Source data

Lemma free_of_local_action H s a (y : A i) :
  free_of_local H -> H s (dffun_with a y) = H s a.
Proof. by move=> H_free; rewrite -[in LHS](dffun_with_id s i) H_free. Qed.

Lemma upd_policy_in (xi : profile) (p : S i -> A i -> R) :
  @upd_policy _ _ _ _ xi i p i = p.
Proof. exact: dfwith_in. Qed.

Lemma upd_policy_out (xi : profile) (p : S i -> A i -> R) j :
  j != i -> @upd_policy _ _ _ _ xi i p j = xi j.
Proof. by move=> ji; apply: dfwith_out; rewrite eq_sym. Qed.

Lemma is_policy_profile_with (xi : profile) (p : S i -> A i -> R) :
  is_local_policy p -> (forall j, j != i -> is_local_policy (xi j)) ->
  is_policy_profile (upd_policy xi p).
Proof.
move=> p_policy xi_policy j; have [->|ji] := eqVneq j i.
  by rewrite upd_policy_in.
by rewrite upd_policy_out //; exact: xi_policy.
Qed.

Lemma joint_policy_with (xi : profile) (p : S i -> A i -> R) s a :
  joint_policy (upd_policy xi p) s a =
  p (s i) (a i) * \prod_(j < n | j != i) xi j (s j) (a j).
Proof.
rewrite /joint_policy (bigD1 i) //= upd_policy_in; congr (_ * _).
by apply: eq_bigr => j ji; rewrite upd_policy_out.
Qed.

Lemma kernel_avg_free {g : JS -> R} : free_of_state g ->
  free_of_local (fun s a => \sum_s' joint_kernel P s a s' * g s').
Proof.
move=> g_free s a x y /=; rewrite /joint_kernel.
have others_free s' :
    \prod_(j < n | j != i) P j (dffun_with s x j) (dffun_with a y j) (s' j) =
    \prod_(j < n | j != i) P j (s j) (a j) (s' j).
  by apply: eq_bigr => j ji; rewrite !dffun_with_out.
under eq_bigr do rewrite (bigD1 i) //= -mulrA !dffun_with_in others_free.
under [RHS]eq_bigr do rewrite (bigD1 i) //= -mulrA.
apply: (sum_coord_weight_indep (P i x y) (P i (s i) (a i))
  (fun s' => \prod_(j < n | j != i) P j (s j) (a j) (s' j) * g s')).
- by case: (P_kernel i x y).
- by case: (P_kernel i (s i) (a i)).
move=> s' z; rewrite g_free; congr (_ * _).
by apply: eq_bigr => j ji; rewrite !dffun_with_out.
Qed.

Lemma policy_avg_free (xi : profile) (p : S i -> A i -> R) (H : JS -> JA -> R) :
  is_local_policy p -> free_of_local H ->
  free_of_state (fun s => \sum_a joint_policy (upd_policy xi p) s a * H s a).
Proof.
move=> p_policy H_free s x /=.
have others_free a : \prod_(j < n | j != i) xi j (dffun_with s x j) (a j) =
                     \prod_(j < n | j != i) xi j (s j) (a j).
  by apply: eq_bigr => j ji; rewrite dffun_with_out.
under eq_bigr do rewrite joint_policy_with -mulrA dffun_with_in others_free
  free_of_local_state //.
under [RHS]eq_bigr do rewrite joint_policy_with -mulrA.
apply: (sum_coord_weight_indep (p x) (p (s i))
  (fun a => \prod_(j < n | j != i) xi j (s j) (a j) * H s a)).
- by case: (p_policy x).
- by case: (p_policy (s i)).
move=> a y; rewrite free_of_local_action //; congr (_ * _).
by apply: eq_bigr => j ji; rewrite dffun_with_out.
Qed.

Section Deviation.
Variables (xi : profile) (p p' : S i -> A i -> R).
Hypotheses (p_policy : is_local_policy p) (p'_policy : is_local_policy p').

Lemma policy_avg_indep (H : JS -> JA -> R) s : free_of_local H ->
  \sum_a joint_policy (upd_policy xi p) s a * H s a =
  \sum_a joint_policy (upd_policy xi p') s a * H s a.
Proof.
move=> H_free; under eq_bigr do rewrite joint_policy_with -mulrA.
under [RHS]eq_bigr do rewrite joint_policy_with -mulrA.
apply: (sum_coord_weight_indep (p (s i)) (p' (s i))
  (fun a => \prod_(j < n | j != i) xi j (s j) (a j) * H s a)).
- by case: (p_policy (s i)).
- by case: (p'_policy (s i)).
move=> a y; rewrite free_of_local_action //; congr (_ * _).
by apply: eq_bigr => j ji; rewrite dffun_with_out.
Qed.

**What to produce**
Write out every entry again exactly, please, with nothing missing.

**Exercise answer**
Lemma free_of_local_action H s a (y : A i) :
  free_of_local H -> H s (dffun_with a y) = H s a.
Proof. by move=> H_free; rewrite -[in LHS](dffun_with_id s i) H_free. Qed.

Lemma upd_policy_in (xi : profile) (p : S i -> A i -> R) :
  @upd_policy _ _ _ _ xi i p i = p.
Proof. exact: dfwith_in. Qed.

Lemma upd_policy_out (xi : profile) (p : S i -> A i -> R) j :
  j != i -> @upd_policy _ _ _ _ xi i p j = xi j.
Proof. by move=> ji; apply: dfwith_out; rewrite eq_sym. Qed.

Lemma is_policy_profile_with (xi : profile) (p : S i -> A i -> R) :
  is_local_policy p -> (forall j, j != i -> is_local_policy (xi j)) ->
  is_policy_profile (upd_policy xi p).
Proof.
move=> p_policy xi_policy j; have [->|ji] := eqVneq j i.
  by rewrite upd_policy_in.
by rewrite upd_policy_out //; exact: xi_policy.
Qed.

Lemma joint_policy_with (xi : profile) (p : S i -> A i -> R) s a :
  joint_policy (upd_policy xi p) s a =
  p (s i) (a i) * \prod_(j < n | j != i) xi j (s j) (a j).
Proof.
rewrite /joint_policy (bigD1 i) //= upd_policy_in; congr (_ * _).
by apply: eq_bigr => j ji; rewrite upd_policy_out.
Qed.

Lemma kernel_avg_free {g : JS -> R} : free_of_state g ->
  free_of_local (fun s a => \sum_s' joint_kernel P s a s' * g s').
Proof.
move=> g_free s a x y /=; rewrite /joint_kernel.
have others_free s' :
    \prod_(j < n | j != i) P j (dffun_with s x j) (dffun_with a y j) (s' j) =
    \prod_(j < n | j != i) P j (s j) (a j) (s' j).
  by apply: eq_bigr => j ji; rewrite !dffun_with_out.
under eq_bigr do rewrite (bigD1 i) //= -mulrA !dffun_with_in others_free.
under [RHS]eq_bigr do rewrite (bigD1 i) //= -mulrA.
apply: (sum_coord_weight_indep (P i x y) (P i (s i) (a i))
  (fun s' => \prod_(j < n | j != i) P j (s j) (a j) (s' j) * g s')).
- by case: (P_kernel i x y).
- by case: (P_kernel i (s i) (a i)).
move=> s' z; rewrite g_free; congr (_ * _).
by apply: eq_bigr => j ji; rewrite !dffun_with_out.
Qed.

Lemma policy_avg_free (xi : profile) (p : S i -> A i -> R) (H : JS -> JA -> R) :
  is_local_policy p -> free_of_local H ->
  free_of_state (fun s => \sum_a joint_policy (upd_policy xi p) s a * H s a).
Proof.
move=> p_policy H_free s x /=.
have others_free a : \prod_(j < n | j != i) xi j (dffun_with s x j) (a j) =
                     \prod_(j < n | j != i) xi j (s j) (a j).
  by apply: eq_bigr => j ji; rewrite dffun_with_out.
under eq_bigr do rewrite joint_policy_with -mulrA dffun_with_in others_free
  free_of_local_state //.
under [RHS]eq_bigr do rewrite joint_policy_with -mulrA.
apply: (sum_coord_weight_indep (p x) (p (s i))
  (fun a => \prod_(j < n | j != i) xi j (s j) (a j) * H s a)).
- by case: (p_policy x).
- by case: (p_policy (s i)).
move=> a y; rewrite free_of_local_action //; congr (_ * _).
by apply: eq_bigr => j ji; rewrite dffun_with_out.
Qed.

Section Deviation.
Variables (xi : profile) (p p' : S i -> A i -> R).
Hypotheses (p_policy : is_local_policy p) (p'_policy : is_local_policy p').

Lemma policy_avg_indep (H : JS -> JA -> R) s : free_of_local H ->
  \sum_a joint_policy (upd_policy xi p) s a * H s a =
  \sum_a joint_policy (upd_policy xi p') s a * H s a.
Proof.
move=> H_free; under eq_bigr do rewrite joint_policy_with -mulrA.
under [RHS]eq_bigr do rewrite joint_policy_with -mulrA.
apply: (sum_coord_weight_indep (p (s i)) (p' (s i))
  (fun a => \prod_(j < n | j != i) xi j (s j) (a j) * H s a)).
- by case: (p_policy (s i)).
- by case: (p'_policy (s i)).
move=> a y; rewrite free_of_local_action //; congr (_ * _).
by apply: eq_bigr => j ji; rewrite dffun_with_out.
Qed.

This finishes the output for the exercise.